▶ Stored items
________________________
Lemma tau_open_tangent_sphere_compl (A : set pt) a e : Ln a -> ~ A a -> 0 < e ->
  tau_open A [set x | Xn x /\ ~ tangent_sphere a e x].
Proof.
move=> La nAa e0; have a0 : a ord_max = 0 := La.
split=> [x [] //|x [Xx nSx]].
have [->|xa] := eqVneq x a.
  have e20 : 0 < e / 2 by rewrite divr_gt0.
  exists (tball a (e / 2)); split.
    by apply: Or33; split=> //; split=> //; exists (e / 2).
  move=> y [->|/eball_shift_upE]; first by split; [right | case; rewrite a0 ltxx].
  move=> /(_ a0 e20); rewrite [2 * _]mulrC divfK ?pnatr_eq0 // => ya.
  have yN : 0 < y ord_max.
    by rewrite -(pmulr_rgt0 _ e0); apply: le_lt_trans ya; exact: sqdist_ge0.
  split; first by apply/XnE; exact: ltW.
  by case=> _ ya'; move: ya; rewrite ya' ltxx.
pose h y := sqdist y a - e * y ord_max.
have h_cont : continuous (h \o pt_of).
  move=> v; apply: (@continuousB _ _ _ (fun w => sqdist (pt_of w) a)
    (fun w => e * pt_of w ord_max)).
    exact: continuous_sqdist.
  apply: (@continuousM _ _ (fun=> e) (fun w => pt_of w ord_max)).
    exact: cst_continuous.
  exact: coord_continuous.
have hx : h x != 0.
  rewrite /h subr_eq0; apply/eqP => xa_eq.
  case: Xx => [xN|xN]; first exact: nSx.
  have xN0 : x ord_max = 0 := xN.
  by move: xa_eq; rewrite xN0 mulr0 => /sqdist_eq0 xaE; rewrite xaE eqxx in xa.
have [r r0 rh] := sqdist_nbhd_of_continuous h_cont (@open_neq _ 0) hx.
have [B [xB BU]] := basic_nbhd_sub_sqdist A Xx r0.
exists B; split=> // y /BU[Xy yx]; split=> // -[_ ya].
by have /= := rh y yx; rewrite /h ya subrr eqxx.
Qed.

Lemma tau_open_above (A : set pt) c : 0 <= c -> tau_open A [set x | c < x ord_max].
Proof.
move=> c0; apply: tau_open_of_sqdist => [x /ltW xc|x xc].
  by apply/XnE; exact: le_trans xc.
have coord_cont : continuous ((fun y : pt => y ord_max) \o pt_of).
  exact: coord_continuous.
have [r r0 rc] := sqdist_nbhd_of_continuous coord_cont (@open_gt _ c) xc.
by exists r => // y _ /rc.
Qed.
________________________
▶ TASK GOAL
Print the records above verbatim from their first line to the line containing "exists (tball a (e / 2)); split.", both included, and stop there.

▶ TASK SOLUTION
Lemma tau_open_tangent_sphere_compl (A : set pt) a e : Ln a -> ~ A a -> 0 < e ->
  tau_open A [set x | Xn x /\ ~ tangent_sphere a e x].
Proof.
move=> La nAa e0; have a0 : a ord_max = 0 := La.
split=> [x [] //|x [Xx nSx]].
have [->|xa] := eqVneq x a.
  have e20 : 0 < e / 2 by rewrite divr_gt0.
  exists (tball a (e / 2)); split.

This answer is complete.